## Exercise
In the data that follows, find each line containing "completions" and copy it.
**** The data ****
(* Let ${\cal Q}$ be a collection of partial partitions of a set $X$. Then there is a one-to-one correspondence between the minimal restricted chordal completions of ${\rm int}({\cal Q})$ and the minimal chordal sandwiches of $({\rm int^*}({\cal Q}),{\rm forb}({\cal Q}))$.
   Context: A partial partition of $X$ is a partition $A_1|\ldots|A_t$ ($t\geq 2$) of a non-empty subset of $X$; the $A_i$ are its cells. The partial partition intersection graph ${\rm int}({\cal Q})$ has vertex set $\{(A,\pi): A \text{ is a cell of } \pi\in{\cal Q}\}$, with $(A,\pi)$ and $(A',\pi')$ adjacent iff $A\cap A'\neq\emptyset$. A graph is chordal if it has no induced cycle of length at least four; a chordal completion of $G=(V,E)$ is a chordal graph $(V,E')$ with $E\subseteq E'$. A restricted chordal completion of ${\rm int}({\cal Q})$ is a chordal completion $G'$ of ${\rm int}({\cal Q})$ such that whenever $A_1,A_2$ are distinct cells of the same $\pi\in{\cal Q}$, $(A_1,\pi)$ and $(A_2,\pi)$ are not adjacent in $G'$; it is minimal if no proper subgraph of $G'$ is a restricted chordal completion of ${\rm int}({\cal Q})$. The cell intersection graph ${\rm int^*}({\cal Q})$ has vertex set $\{A: A \text{ is a cell of some } \pi\in{\cal Q}\}$, with $A,A'$ adjacent iff $A\cap A'\neq\emptyset$. The graph ${\rm forb}({\cal Q})$ has the same vertex set, with $A,A'$ adjacent iff $A,A'$ are (distinct) cells of some common $\pi\in{\cal Q}$. For graphs $G_1=(V,E_1)$, $G_2=(V,E_2)$ with $E_1\cap E_2=\emptyset$, a chordal sandwich of $(G_1,G_2)$ is a chordal graph $(V,E')$ with $E_1\subseteq E'$ and $E'\cap E_2=\emptyset$; it is minimal if no proper subgraph of it is a chordal sandwich of $(G_1,G_2)$. *)

From mathcomp Require Import all_boot.
Set Implicit Arguments. Unset Strict Implicit. Unset Printing Implicit Defensive.

Section Graphs.
Variable T : finType.

(* A (simple, undirected) graph with vertex set V : {set T} is represented by
   its edge set E : {set {set T}}, each edge being a 2-element subset of V. *)
Definition is_graph (V : {set T}) (E : {set {set T}}) : Prop :=
  forall e, e \in E -> #|e| = 2 /\ e \subset V.

Definition induced_cycle (E : {set {set T}}) (s : seq T) : Prop :=
  uniq s /\ 4 <= size s /\
  forall (x0 : T) (i j : nat), i < j -> j < size s ->
    ([set nth x0 s i; nth x0 s j] \in E <->
     (j = i.+1 \/ (i = 0 /\ j = (size s).-1))).

Definition chordal (V : {set T}) (E : {set {set T}}) : Prop :=
  is_graph V E /\ ~ (exists s, induced_cycle E s).

Definition chordal_completion (V : {set T}) (E E' : {set {set T}}) : Prop :=
  chordal V E' /\ E \subset E'.

Definition chordal_sandwich (V : {set T}) (E1 E2 E' : {set {set T}}) : Prop :=
  chordal V E' /\ E1 \subset E' /\ E' :&: E2 = set0.

Definition minimal_chordal_sandwich (V : {set T}) (E1 E2 E' : {set {set T}})
  : Prop :=
  chordal_sandwich V E1 E2 E' /\
  forall F : {set {set T}}, F \proper E' -> ~ chordal_sandwich V E1 E2 F.

End Graphs.

Section PartialPartitions.
Variable X : finType.

(* A partial partition of X: a partition (in the mathcomp sense: nonempty,
   pairwise disjoint cells) of some subset of X, with at least two cells. *)
Definition partial_partition (P : {set {set X}}) : bool :=
  partition P (cover P) && (1 < #|P|).

Variable Q : {set {set {set X}}}.

Definition int_vertices : {set {set X} * {set {set X}}} :=
  [set p | (p.2 \in Q) && (p.1 \in p.2)].

Definition int_edges : {set {set ({set X} * {set {set X}})}} :=
  [set [set u; v] | u in int_vertices, v in int_vertices
                  & (u != v) && (u.1 :&: v.1 != set0)].

Definition restricted_chordal_completion
    (E' : {set {set ({set X} * {set {set X}})}}) : Prop :=
  chordal_completion int_vertices int_edges E' /\
  forall (A1 A2 : {set X}) (pi : {set {set X}}),
    pi \in Q -> A1 \in pi -> A2 \in pi -> A1 != A2 ->
    [set (A1, pi); (A2, pi)] \notin E'.

Definition minimal_restricted_chordal_completion
    (E' : {set {set ({set X} * {set {set X}})}}) : Prop :=
  restricted_chordal_completion E' /\
  forall F : {set {set ({set X} * {set {set X}})}}, F \proper E' -> ~ restricted_chordal_completion F.

Definition cells : {set {set X}} := [set A | [exists pi in Q, A \in pi]].

Definition int_star_edges : {set {set {set X}}} :=
  [set [set A; B] | A in cells, B in cells & (A != B) && (A :&: B != set0)].

Definition forb_edges : {set {set {set X}}} :=
  [set [set A; B] | A in cells, B in cells
                  & (A != B) && [exists pi in Q, (A \in pi) && (B \in pi)]].

End PartialPartitions.

From mathcomp Require Import all_boot zify.
Set Implicit Arguments. Unset Strict Implicit. Unset Printing Implicit Defensive.

(* The correspondence sends a sandwich F to its [lift], in which two copies
   (A, pi), (B, pi') are joined iff A = B or AB is an edge of F, and a
   completion E to its [project] onto cells.  Copies of one cell are adjacent
   twins in a lift, so lifts of chordal graphs are chordal.  Conversely, for a
   restricted chordal completion E, the graph [joined_cells E] of pairs of
   cells all of whose copies are joined is a chordal sandwich whose lift lies
   below E; chordality comes from Dirac's simplicial vertex lemma.  Hence
   minimal completions are exactly the lifts of minimal sandwiches, and
   [project] inverts [lift] on graphs. *)

Section ChordalGraphs.
Variables (T : finType) (E : {set {set T}}).
Hypothesis E_loopfree : forall a : T, [set a; a] \notin E.

Definition adj : rel T := fun a b => [set a; b] \in E.

Lemma adjC : symmetric adj.
Proof. by move=> a b; rewrite /adj setUC. Qed.

Lemma adj_irr a : adj a a = false.
Proof. exact/negbTE/E_loopfree. Qed.

Definition cycle_adj (n i j : nat) : bool :=
  [|| j == i.+1, i == j.+1, (i == 0) && (j == n.-1) | (j == 0) && (i == n.-1)].

Lemma cycle_adjC n : symmetric (cycle_adj n).
Proof. rewrite /cycle_adj => i j; lia. Qed.

Lemma cycle_adj_neighbours n i : 4 <= n -> i < n -> exists p q,
  [/\ p < n, q < n, cycle_adj n i p, cycle_adj n i q &
    [/\ p != q, ~~ cycle_adj n p q &
        forall j, j < n -> cycle_adj n i j -> j = p \/ j = q]].
Proof.
rewrite /cycle_adj => n_ge4 lt_i_n.
have [->|i_n0] := eqVneq i 0.
  by exists n.-1, 1; split; [lia..|split; [lia..|move=> j; lia]].
have [->|i_nlast] := eqVneq i n.-1.
  by exists n.-2, 0; split; [lia..|split; [lia..|move=> j; lia]].
by exists i.-1, i.+1; split; [lia..|split; [lia..|move=> j; lia]].
Qed.

Lemma induced_cycle_adj s x0 i j : induced_cycle E s ->
  i < size s -> j < size s ->
  adj (nth x0 s i) (nth x0 s j) = cycle_adj (size s) i j.
Proof.
move=> [_ [size_s chordless]] lt_i lt_j.
have [lt_ij|lt_ji|->] := ltngtP i j.
- apply/idP/idP => [/(chordless x0 _ _ lt_ij lt_j)|]; rewrite /cycle_adj; first lia.
  by move=> adj_ij; apply/(chordless x0 _ _ lt_ij lt_j); lia.
- rewrite adjC; apply/idP/idP => [/(chordless x0 _ _ lt_ji lt_i)|];
    rewrite /cycle_adj; first lia.
  by move=> adj_ji; apply/(chordless x0 _ _ lt_ji lt_i); lia.
- by rewrite adj_irr /cycle_adj; lia.
Qed.

Lemma induced_cycle_in V s x0 i : is_graph V E -> induced_cycle E s ->
  i < size s -> nth x0 s i \in V.
Proof.
move=> graphE cyc lt_i; have [_ [size_s _]] := cyc.
set j := if i.+1 < size s then i.+1 else 0.
have lt_j : j < size s by rewrite /j; case: ifP; lia.
have : adj (nth x0 s i) (nth x0 s j).
  by rewrite induced_cycle_adj // /cycle_adj /j; case: ifP; lia.
by case/graphE => _ /subsetP; apply; rewrite !inE eqxx.
Qed.

Fixpoint induced_path (x : T) (p : seq T) : bool :=
  if p is y :: p' then
    [&& adj x y, x \notin p, all (fun z => ~~ adj x z) p' & induced_path y p']
  else true.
****
## Result of this task
(* Let ${\cal Q}$ be a collection of partial partitions of a set $X$. Then there is a one-to-one correspondence between the minimal restricted chordal completions of ${\rm int}({\cal Q})$ and the minimal chordal sandwiches of $({\rm int^*}({\cal Q}),{\rm forb}({\cal Q}))$.
   minimal completions are exactly the lifts of minimal sandwiches, and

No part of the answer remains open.